Data to examine Block Start
Lemma expmor_composable (k k' : expmor) :
  expmor_cod k = expmor_dom k' -> cod (expmor_base k) = dom (expmor_base k').
Proof.
  intros H. destruct (expmor_ok k) as [_ [Hc _]], (expmor_ok k') as [Hd _].
  rewrite <- Hc, <- Hd, H. reflexivity.
Qed.

(* The composite relation is functional because the lift of [m] along the
   factorisation of [pi m] is unique. *)
Lemma expmor_comp_ok (k k' : expmor) (p : expmor_cod k = expmor_dom k') :
  fibre_mor_ok (comp (expmor_base k) (expmor_base k') (expmor_composable k k' p))
    (expmor_dom k) (expmor_cod k') (expmor_comp_rel k k').
Proof.
  destruct (expmor_ok k) as [D1 [C1 [T1 S1]]], (expmor_ok k') as [D2 [C2 [T2 S2]]].
  split; [rewrite comp_dom; auto|]. split; [rewrite comp_cod; auto|]. split.
  - intros m Hm.
    destruct (H4 m _ _ (expmor_composable k k' p) (eq_sym Hm))
      as [[m1 m2] [[E1 [E2 [q Eq]]] U]]. simpl in *.
    destruct (T1 m1 E1) as [y1 [Hy1 _]], (T2 m2 E2) as [y2 [Hy2 _]].
    assert (q' : cod y1 = dom y2).
    { destruct (S1 _ _ Hy1) as [_ [_ [_ R1]]], (S2 _ _ Hy2) as [_ [_ [R2 _]]].
      rewrite p, q in R1. eapply expob_rel_functional; eauto. }
    exists (comp y1 y2 q'). split; [exists m1, m2, q, y1, y2, q'; auto|].
    intros y [n1 [n2 [r [z1 [z2 [r' [En [Ey [Hz1 Hz2]]]]]]]]].
    destruct (S1 _ _ Hz1) as [F1 _], (S2 _ _ Hz2) as [F2 _].
    assert (Hn : (m1, m2) = (n1, n2)) by (apply U; simpl; repeat split; auto; exists r; congruence).
    injection Hn as <- <-.
    rewrite Ey. apply comp_congr; eapply expmor_rel_functional; eauto.
  - intros m y [m1 [m2 [q [y1 [y2 [q' [-> [-> [Hy1 Hy2]]]]]]]]].
    destruct (S1 _ _ Hy1) as [F1 [G1 [R1 R1']]], (S2 _ _ Hy2) as [F2 [G2 [R2 R2']]].
    repeat split; [apply fmor_comp_congr; auto | apply fmor_comp_congr; auto | |];
      rewrite ?comp_dom, ?comp_cod; auto.
Qed.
Data to examine Block End
Please make an exact copy of the lines above from the line with "Hy2) as [_ [_ [R2 _]]]." through the line with "injection Hn as <- <-.", both ends included.

    { destruct (S1 _ _ Hy1) as [_ [_ [_ R1]]], (S2 _ _ Hy2) as [_ [_ [R2 _]]].
      rewrite p, q in R1. eapply expob_rel_functional; eauto. }
    exists (comp y1 y2 q'). split; [exists m1, m2, q, y1, y2, q'; auto|].
    intros y [n1 [n2 [r [z1 [z2 [r' [En [Ey [Hz1 Hz2]]]]]]]]].
    destruct (S1 _ _ Hz1) as [F1 _], (S2 _ _ Hz2) as [F2 _].
    assert (Hn : (m1, m2) = (n1, n2)) by (apply U; simpl; repeat split; auto; exists r; congruence).
    injection Hn as <- <-.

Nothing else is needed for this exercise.